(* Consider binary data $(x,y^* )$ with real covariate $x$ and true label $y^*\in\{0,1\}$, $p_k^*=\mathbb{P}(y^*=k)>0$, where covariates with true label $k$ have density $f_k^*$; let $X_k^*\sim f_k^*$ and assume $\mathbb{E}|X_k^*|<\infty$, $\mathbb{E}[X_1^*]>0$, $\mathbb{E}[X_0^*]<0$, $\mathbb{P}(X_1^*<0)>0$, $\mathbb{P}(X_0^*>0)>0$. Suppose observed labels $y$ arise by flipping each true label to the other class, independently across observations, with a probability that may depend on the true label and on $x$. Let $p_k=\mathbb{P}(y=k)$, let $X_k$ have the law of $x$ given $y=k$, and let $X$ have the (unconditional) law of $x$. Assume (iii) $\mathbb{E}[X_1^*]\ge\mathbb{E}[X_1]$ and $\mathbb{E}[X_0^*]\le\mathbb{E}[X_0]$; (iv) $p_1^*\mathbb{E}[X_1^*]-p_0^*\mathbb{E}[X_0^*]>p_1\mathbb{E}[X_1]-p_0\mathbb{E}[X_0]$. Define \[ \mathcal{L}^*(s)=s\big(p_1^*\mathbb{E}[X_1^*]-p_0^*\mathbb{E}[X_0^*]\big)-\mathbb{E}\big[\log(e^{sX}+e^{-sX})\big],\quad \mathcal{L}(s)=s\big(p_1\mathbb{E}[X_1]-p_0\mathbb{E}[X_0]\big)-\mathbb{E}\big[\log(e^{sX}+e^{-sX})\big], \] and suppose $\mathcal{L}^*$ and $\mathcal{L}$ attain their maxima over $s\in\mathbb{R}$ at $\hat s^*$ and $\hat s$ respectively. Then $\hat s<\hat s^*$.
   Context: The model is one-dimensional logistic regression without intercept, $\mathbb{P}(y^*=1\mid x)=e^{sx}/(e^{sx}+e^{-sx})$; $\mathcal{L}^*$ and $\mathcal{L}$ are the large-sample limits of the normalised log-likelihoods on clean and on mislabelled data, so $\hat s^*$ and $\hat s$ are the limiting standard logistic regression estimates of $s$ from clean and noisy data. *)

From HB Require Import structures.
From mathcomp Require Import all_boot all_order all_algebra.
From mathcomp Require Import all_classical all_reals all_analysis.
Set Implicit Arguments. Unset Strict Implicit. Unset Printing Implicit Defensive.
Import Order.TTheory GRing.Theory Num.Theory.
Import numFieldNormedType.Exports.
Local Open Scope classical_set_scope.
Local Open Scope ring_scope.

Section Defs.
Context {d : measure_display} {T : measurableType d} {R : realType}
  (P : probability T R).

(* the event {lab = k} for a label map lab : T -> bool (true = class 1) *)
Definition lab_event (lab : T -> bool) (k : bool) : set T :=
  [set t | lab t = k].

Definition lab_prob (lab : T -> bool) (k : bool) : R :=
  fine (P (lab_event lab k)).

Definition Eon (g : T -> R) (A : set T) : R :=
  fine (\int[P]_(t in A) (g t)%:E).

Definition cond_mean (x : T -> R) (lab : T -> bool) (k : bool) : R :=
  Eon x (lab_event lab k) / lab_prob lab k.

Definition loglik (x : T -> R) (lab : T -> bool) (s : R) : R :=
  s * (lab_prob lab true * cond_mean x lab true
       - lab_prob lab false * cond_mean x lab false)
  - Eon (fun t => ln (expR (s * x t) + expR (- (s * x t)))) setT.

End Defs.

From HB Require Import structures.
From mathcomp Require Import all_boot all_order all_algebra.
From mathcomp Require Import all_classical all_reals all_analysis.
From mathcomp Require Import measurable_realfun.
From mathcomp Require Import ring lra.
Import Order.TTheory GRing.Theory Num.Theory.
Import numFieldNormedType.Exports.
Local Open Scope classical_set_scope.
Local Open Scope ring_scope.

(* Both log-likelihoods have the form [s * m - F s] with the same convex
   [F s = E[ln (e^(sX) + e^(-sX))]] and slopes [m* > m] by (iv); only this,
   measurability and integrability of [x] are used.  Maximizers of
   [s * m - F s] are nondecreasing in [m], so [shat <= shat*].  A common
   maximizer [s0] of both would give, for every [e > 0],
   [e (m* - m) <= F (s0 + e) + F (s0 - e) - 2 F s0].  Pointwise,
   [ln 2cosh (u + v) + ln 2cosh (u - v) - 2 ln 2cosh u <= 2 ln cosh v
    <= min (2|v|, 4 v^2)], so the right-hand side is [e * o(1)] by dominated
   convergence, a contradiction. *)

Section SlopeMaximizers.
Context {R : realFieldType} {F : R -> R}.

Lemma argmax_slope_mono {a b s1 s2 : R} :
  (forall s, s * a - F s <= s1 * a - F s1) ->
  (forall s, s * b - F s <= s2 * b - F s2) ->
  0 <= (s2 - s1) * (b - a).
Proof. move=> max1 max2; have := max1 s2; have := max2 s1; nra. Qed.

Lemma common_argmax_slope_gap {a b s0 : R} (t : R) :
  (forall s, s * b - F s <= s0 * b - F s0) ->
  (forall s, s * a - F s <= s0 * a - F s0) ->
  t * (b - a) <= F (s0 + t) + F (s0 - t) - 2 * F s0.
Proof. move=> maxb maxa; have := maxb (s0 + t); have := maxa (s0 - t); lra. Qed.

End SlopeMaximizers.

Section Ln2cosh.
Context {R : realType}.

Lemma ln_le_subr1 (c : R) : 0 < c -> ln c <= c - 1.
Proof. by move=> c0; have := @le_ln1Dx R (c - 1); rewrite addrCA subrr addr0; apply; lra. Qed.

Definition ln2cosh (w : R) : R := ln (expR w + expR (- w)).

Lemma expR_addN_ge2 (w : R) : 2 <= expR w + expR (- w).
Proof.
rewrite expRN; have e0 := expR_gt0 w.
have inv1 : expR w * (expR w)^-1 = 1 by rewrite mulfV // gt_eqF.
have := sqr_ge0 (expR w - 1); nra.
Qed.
# # #
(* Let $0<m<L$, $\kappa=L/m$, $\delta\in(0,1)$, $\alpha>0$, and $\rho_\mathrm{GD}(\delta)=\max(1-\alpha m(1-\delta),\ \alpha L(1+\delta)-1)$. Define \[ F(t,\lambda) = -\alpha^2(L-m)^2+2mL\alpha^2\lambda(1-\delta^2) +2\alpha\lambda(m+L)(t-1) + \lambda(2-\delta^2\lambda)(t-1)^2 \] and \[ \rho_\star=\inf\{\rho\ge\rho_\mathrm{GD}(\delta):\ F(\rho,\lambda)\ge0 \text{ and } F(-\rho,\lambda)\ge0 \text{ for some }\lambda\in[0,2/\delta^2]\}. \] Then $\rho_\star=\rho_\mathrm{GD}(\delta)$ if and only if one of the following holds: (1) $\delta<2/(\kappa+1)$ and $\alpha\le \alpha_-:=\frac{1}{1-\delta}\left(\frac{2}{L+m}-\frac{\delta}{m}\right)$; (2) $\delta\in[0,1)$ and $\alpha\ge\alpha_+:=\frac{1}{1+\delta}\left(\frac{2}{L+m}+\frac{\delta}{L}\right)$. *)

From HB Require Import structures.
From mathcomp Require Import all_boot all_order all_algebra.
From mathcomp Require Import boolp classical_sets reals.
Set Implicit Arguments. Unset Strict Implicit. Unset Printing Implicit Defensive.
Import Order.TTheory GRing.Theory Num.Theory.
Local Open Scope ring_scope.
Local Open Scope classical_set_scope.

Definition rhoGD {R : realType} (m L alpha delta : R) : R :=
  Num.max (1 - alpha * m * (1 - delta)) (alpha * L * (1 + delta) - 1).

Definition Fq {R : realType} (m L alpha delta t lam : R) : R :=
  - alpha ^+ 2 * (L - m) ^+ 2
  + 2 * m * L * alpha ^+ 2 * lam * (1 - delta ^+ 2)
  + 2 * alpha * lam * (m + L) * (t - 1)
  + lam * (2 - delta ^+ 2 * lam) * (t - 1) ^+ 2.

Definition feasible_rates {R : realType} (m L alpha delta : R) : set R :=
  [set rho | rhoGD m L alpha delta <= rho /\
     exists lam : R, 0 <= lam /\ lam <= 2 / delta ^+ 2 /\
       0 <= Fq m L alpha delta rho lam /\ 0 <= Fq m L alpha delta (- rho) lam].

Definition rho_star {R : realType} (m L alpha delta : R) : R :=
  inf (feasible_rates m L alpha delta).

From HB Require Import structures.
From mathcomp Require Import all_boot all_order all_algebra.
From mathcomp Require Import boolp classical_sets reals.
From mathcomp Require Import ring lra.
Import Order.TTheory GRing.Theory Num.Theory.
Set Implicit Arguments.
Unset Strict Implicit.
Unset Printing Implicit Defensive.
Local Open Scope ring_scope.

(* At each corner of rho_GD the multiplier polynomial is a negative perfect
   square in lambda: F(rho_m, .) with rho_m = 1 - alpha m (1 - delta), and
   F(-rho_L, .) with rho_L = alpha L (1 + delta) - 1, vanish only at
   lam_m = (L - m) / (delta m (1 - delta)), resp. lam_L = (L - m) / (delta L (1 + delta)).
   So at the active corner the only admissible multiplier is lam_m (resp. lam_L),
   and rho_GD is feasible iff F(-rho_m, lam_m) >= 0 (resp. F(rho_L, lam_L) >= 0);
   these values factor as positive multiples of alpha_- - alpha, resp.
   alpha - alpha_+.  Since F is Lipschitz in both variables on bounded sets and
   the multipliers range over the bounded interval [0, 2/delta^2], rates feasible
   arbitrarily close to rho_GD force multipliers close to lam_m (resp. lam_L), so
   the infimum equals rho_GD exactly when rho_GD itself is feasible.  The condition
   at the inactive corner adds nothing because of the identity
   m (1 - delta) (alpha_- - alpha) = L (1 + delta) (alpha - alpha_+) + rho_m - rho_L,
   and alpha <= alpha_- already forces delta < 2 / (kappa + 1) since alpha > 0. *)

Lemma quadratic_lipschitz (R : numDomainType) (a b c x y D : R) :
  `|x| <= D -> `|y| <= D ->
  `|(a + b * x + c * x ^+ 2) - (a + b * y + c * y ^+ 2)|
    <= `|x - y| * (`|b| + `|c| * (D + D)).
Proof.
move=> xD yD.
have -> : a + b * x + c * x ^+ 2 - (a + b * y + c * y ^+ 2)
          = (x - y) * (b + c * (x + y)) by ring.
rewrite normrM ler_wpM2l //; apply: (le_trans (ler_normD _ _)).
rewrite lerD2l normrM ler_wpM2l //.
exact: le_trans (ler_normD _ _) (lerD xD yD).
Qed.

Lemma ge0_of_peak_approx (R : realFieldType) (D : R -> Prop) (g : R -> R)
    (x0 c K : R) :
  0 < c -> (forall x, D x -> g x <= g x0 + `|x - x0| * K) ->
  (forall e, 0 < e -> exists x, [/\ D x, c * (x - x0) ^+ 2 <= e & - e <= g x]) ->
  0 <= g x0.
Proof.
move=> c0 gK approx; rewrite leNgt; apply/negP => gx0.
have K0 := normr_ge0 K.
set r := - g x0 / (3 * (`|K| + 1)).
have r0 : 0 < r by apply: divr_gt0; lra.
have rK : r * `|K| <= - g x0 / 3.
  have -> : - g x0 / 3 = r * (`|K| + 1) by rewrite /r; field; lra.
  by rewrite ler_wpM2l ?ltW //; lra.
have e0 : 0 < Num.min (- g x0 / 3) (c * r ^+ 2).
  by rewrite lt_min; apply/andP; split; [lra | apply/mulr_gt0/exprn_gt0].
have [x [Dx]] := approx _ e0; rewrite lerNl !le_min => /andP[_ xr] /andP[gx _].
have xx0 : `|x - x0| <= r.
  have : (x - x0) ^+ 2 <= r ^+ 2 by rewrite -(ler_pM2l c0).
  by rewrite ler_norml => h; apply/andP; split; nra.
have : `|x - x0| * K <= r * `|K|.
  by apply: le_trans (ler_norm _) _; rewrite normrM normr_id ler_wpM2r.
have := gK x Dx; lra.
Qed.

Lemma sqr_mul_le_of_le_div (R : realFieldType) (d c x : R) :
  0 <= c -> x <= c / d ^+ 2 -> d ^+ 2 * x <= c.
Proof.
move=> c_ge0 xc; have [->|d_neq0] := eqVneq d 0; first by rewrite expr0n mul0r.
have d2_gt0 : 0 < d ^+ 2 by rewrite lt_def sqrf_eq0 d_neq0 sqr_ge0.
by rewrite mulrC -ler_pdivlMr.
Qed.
# # #
▶ _TASK TO COMPLETE_: Extract each line from the entries above that contains the string "realFieldType".

▶ _ANSWER TO THE PROBLEM_:
Context {R : realFieldType} {F : R -> R}.
Lemma ge0_of_peak_approx (R : realFieldType) (D : R -> Prop) (g : R -> R)
Lemma sqr_mul_le_of_le_div (R : realFieldType) (d c x : R) :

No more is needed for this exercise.